The key architectural decision: reflection_node sets should_continue based solely on structural completeness, while evaluation_node runs only after the loop terminates and assesses quality metrics.

Monitoring: Detecting system failures

Production systems need metrics to detect when Reflection or Evaluation breaks.

Reflection failure signals

Loop Drift (Agent stuck repeating actions):

reflection_metrics = {
    # Average number of research iterations before completion
    # Calculated: sum(iterations_per_request) / total_requests
    'avg_iterations': 2.3,

    # Percentage of requests that hit max_iterations limit
    # Calculated: requests_hitting_limit / total_requests
    'timeout_rate': 0.05,

    # Number of times agent executed identical action consecutively
    # Detected by comparing action hashes in sliding window
    'repetition_threshold_hits': 12
}

# Alert if timeout_rate > 0.15
# → Canonical model has unrealistic required fields

Premature Stopping:

completion_audit = {
    # Percentage of research sessions stopping after just 1 iteration
    # Calculated: single_iteration_completions / total_requests
    'stopped_at_iteration_1': 0.23,

    # Average count of required fields still empty when stopping
    # Calculated: sum(empty_required_fields) / total_stopped_requests
    'avg_missing_fields': 1.4
}

# Alert if stopped_at_iteration_1 > 0.3
# → Reflection incorrectly considers incomplete data "complete"
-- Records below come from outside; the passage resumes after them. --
Theorem lemma24 (R : realType) (n m : nat)
  (f : 'rV[R]_n -> 'rV[R]_m -> 'rV[R]_n) (ell : 'rV[R]_n -> 'rV[R]_m -> R)
  (X : set 'rV[R]_n) (U : set 'rV[R]_m)
  (pstar : nat) (Pistar : nat -> 'rV[R]_n * 'rV[R]_m)
  (* standing assumptions *)
  (ell_ge0 : forall x u, X x -> U u -> 0 <= ell x u)
  (Pistar_feas : feas_orbit f X U pstar Pistar)
  (Pistar_opt : avg_cost ell pstar Pistar = ell_star f X U ell)
  (* (A1) *)
  (A1_f : {within X `*` U, continuous (fun z : 'rV[R]_n * 'rV[R]_m => f z.1 z.2)})
  (A1_ell : {within X `*` U, continuous (fun z : 'rV[R]_n * 'rV[R]_m => ell z.1 z.2)})
  (A1_X : compact X) (A1_U : compact U)
  (* (A3) *)
  (A3 : exists (lam : 'rV[R]_n -> R) (lambar : R) (alpha : R -> R),
     (forall x, X x -> `|lam x| <= lambar) /\ Kinf alpha /\
     (forall x u, X x -> U u -> X (f x u) ->
        ell x u - ell_star f X U ell + lam x - lam (f x u)
          >= alpha (orbit_dist pstar Pistar x u))) :
  exists alpha1 : R -> R, Kinf alpha1 /\
    forall (eps : R), 0 < eps ->
    forall (T : nat) (xh : 'rV[R]_n) (uh : nat -> 'rV[R]_m),
      X xh -> admissible f X U T xh uh ->
      (forall k, (k < T)%N -> orbit_dist pstar Pistar (traj f uh xh k) (uh k) <= eps) ->
      \sum_(k < T) ell (traj f uh xh k) (uh k)
        <= (T%:R + pstar%:R - 1) * ell_star f X U ell + T%:R * alpha1 eps.
Proof.
have [lam [_ [alpha [_ [alpha_Kinf diss]]]]] := A3.
rewrite -Pistar_opt in diss *.
have orbit_cost := orbit_stage_cost Pistar_feas (fun x u Xx Uu Xf =>
  le_trans (Kinf_ge0 alpha_Kinf (orbit_dist_ge0 _ _ x u)) (diss x u Xx Uu Xf)).
have [L ell_le] := compact_within_continuous_ub (compact_setX A1_X A1_U) A1_ell.
have [alpha1 [alpha1_Kinf cost_le]] := exists_Kinf_cost_bound Pistar_feas A1_f A1_ell
  ell_ge0 (fun x u Xx Uu => ell_le (x, u) (conj Xx Uu))
  (avg_cost_ge0 Pistar_feas ell_ge0) orbit_cost.
by exists alpha1; split=> // eps eps_gt0 T xh uh _; exact: cost_le.
Qed.
Let y := Sp x.
Let size_y : size y = n.+1. Proof. by rewrite size_Sp. Qed.
Let shift j i := ((j + i) %% n.+1)%N.
Let lhs_term j i := pt (sub1 y j i) (sub2 y j i).
Let rhs_term j i := pt (Sp (sub1 x j i)) (Sp (sub2 x j i)).
Let vanish1 j i := all (pred1 0) (sub1 y j i).
Let vanish2 j i := all (pred1 0) (sub2 y j i).

Lemma Sp_sub1 j i : ~~ vanish1 j i -> Sp (sub1 x j i) = sub1 y j i.
Proof. exact: Sp_cyc. Qed.

Lemma Sp_sub2 j i : ~~ vanish2 j i -> Sp (sub2 x j i) = sub2 y j i.
Proof. by rewrite /vanish2 /sub2 size_y -size_x; apply: Sp_cyc. Qed.

Lemma x_eq0_of_vanish12 j i : (i <= n)%N -> vanish1 j i -> vanish2 j i -> all (pred1 0) x.
Proof.
by move=> le_in V1 V2; rewrite -(Sp_eq0 dvr) (all_sub1_sub2 _ V1 V2) ?size_y.
Qed.

Lemma rhs_term_span_of_x_eq0 j i :
  (0 < i < n)%N -> all (pred1 0) x -> span (rhs_term j i).
Proof.
case/andP=> i_gt0 lt_in x0; apply: (wrel_span_const_l (c := 0)).
- by rewrite size_Sp size_sub1.
- by rewrite size_Sp size_sub2 size_x ltnS subn_gt0.
- by rewrite Sp_eq0 //; apply: all_cyc x0; rewrite /= eqxx.
Qed.

Lemma lhs_term_span_vanish1 j i : (0 < i < n)%N -> vanish1 j i -> span (lhs_term j i).
Proof.
case/andP=> i_gt0 lt_in; apply: wrel_span_const_l; rewrite ?size_sub1 //.
by rewrite size_sub2 size_y ltnS subn_gt0.
Qed.

Lemma lhs_term_span_vanish2 j i : (0 < i < n)%N -> vanish2 j i -> span (lhs_term j i).
Proof.
case/andP=> i_gt0 lt_in; apply: wrel_span_const_r; rewrite ?size_sub1 //.
by rewrite size_sub2 size_y ltnS subn_gt0.
Qed.

Lemma lhs_rhs_term_span j i : (0 < i < n)%N ->
  span (fun p => lhs_term j i p - rhs_term j i p
    + ((if vanish1 j i then rhs_term j i p else 0)
       + (if vanish2 j i then rhs_term j i p else 0))).
Proof.
move=> i_range; have le_in : (i <= n)%N by case/andP: i_range => _ /ltnW.
case V1: (vanish1 j i); case V2: (vanish2 j i).
- have x0 := x_eq0_of_vanish12 le_in V1 V2.
  apply: eq_wrel_span (wrel_spanD (lhs_term_span_vanish1 i_range V1)
                                  (rhs_term_span_of_x_eq0 j i_range x0)) => p /=.
  by rewrite addrA subrK.
- apply: eq_wrel_span (lhs_term_span_vanish1 i_range V1) => p /=.
  by rewrite addr0 subrK.
- apply: eq_wrel_span (lhs_term_span_vanish2 i_range V2) => p /=.
  by rewrite add0r subrK.
- apply: eq_wrel_span (@wrel_span0 k) => p /=.
  by rewrite /lhs_term /rhs_term Sp_sub1 ?V1 // Sp_sub2 ?V2 // subrr !addr0.
Qed.

Lemma vanish2_shift j i : (i <= n)%N -> vanish2 (shift j i) (n - i) = vanish1 j i.
Proof.
by move=> le_in; rewrite /vanish2 /shift sub2_shift // (eq_all_r (mem_rot i _)).
Qed.

Lemma rhs_term_shift_span j i : (0 < i < n)%N -> vanish1 j i ->
  span (fun p => rhs_term j i p + rhs_term (shift j i) (n - i) p).
Proof.
move=> i_range V1; have /andP [i_gt0 lt_in] := i_range; have le_in := ltnW lt_in.
have ni_range : (0 < n - i < n)%N by apply/andP; split; lia.
have [V2|V2] := boolP (vanish2 j i).
  have x0 := x_eq0_of_vanish12 le_in V1 V2.
  exact: wrel_spanD (rhs_term_span_of_x_eq0 _ i_range x0)
                    (rhs_term_span_of_x_eq0 _ ni_range x0).
have sub1_shift_y : sub1 y (shift j i) (n - i) = sub2 y j i.
  have yj0 t : (t <= i)%N -> nth 0 y ((j + t) %% size y) = 0.
    move=> le_ti; apply/eqP/(allP V1).
    by rewrite (map_f (fun t => nth 0 y ((j + t) %% size y))) ?mem_iota.
  have sub2_head : sub2 y j i = nth 0 y ((j + 0) %% size y) :: behead (sub2 y j i)
    by [].
  by rewrite /shift sub1_shift // -size_y [in RHS]sub2_head !yj0.
have V1_shift : ~~ vanish1 (shift j i) (n - i) by rewrite /vanish1 sub1_shift_y.
set a := Sp (sub1 x j i); set b := sub2 y j i.
have Sp_sub2_shift : Sp (sub2 x (shift j i) (n - i)) = rot i a.
  by rewrite sub2_shift // Sp_rot.
have Sp_sub1_shift : Sp (sub1 x (shift j i) (n - i)) = b by rewrite Sp_sub1.
have a2 : (1 < size a)%N by rewrite size_Sp size_sub1.
have b2 : (1 < size b)%N by rewrite size_sub2 size_y ltnS subn_gt0.
apply: eq_wrel_span (wrel_spanD (wrel_span_rotr i b2 a2) (wrel_spanW (wrel_sym a2 b2))).
move=> p; rewrite /rhs_term /= Sp_sub2 // Sp_sub1_shift Sp_sub2_shift -/a -/b.
by rewrite addrCA subrK.
Qed.

Lemma Delta_Sp_span :
  span (fun p => \sum_(j < n.+1) \sum_(1 <= i < n) (lhs_term j i p - rhs_term j i p)).
Proof.
have span_corrected : span (fun p => \sum_(j < n.+1) \sum_(1 <= i < n)
    (lhs_term j i p - rhs_term j i p
     + ((if vanish1 j i then rhs_term j i p else 0)
        + (if vanish2 j i then rhs_term j i p else 0)))).
  apply: wrel_span_sum => j _ _; apply: wrel_span_sum => i.
  by rewrite mem_index_iota => i_range _; apply: lhs_rhs_term_span.
have span_paired : span (fun p => \sum_(j < n.+1) \sum_(1 <= i < n)
    (if vanish1 j i then rhs_term j i p + rhs_term (shift j i) (n - i) p else 0)).
  apply: wrel_span_sum => j _ _; apply: wrel_span_sum => i.
  rewrite mem_index_iota => i_range _; case V1: (vanish1 j i).
    exact: rhs_term_shift_span.
  exact: wrel_span0.
have vanish_shift j i : (0 < i < n)%N -> vanish2 (shift j i) (n - i) = vanish1 j i.
  by case/andP=> _ /ltnW; apply: vanish2_shift.
have span_corr := eq_wrel_span (fun p =>
  esym (sum_cyclic_pairing (fun j i => rhs_term j i p) vanish_shift)) span_paired.
apply: eq_wrel_span (wrel_spanB span_corrected span_corr) => p /=.
rewrite -sumrB; apply: eq_bigr => j _.
by rewrite -sumrB; apply: eq_bigr => i _; rewrite addrK.
Qed.

End Cobracket.

Theorem lemma2p1 (K k : fieldType) (nu : K -> int) (res : K -> k) (pi : K)
  (Hdvr : dvr_data nu res pi) (n : nat) (x : seq K) :
  (1 <= n)%N -> size x = n.+1 ->
  wedge_eq (Delta (Sp nu res pi x))
    (fun p => \sum_(j < n.+1) \sum_(1 <= i < n)
        pt (Sp nu res pi (sub1 x j i)) (Sp nu res pi (sub2 x j i)) p).
Proof.
(* For n = 0 both sides are empty sums. *)
move=> _ size_x; rewrite /wedge_eq /Delta size_Sp size_x /=.
apply: eq_wrel_span (Delta_Sp_span Hdvr size_x) => p.
by rewrite -sumrB; apply: eq_bigr => j _; rewrite -sumrB.
Qed.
Evaluation failure signals

False Positive (Passes bad content):

evaluation_metrics = {
    # Percentage of answers passing evaluation gate
    # Calculated: passed_evaluations / total_evaluations
    'pass_rate': 0.87,

    # Percentage of passed answers rejected by users (thumbs down, edits)
    # Tracked via user feedback events
    'user_rejection_rate': 0.31,

    # Pearson correlation between evaluation scores and user ratings
    # Calculated on sample of 100+ user-rated responses
    'correlation': 0.42
}

# Alert if correlation < 0.6
# → Evaluation metrics don't predict user satisfaction

False Negative (Rejects good content):

retry_metrics = {
    # Average number of reflection-evaluation cycles before final acceptance
    # Calculated: sum(retry_counts) / successful_requests
    'avg_retry_count': 4.2,

    # Percentage of eventually successful requests after multiple retries
    # High value + high avg_retry_count = evaluation too strict
    'final_success_after_retries': 0.65
}

# Alert if avg_retry_count > 3
# → Evaluation thresholds too strict, wasting compute

Diagnostic dashboard

Track these metric pairs to identify which component broke:

Symptom	Broken Component	Fix
High `timeout_rate` + Low `pass_rate`	Canonical model too strict	Relax required fields
High `pass_rate` + High `user_rejection_rate`	Evaluation too lenient	Tighten thresholds
High `stopped_at_iteration_1` + High `avg_missing_fields`	Reflection logic error	Fix completeness check
High `avg_retry_count` + Low `timeout_rate`	Evaluation too strict	Lower thresholds

Summary: Design rules

Separation of Concerns: Never let the component searching for data decide if the data is “good.” Let it only decide if the data is “there”
Opposing Criteria:
- Reflector criteria: “What is missing? What doesn’t add up? Who disagrees?” (Drive for entropy reduction)
- Evaluator criteria: “Is this authoritative? Is this safe? Is this precise?” (Quality control)
The Schema is Important: Use structured Canonical Models to drive Reflection. An abstract “search until done” instruction leads to lazy agents
Fail-Fast vs Fail-Late: The Reflector should fail fast (iterate quickly). The Evaluator should fail late (reject the final product), triggering a focused repair loop

By defining this separation, we move from agents that “hallucinate success” to agents that rigorously construct answers.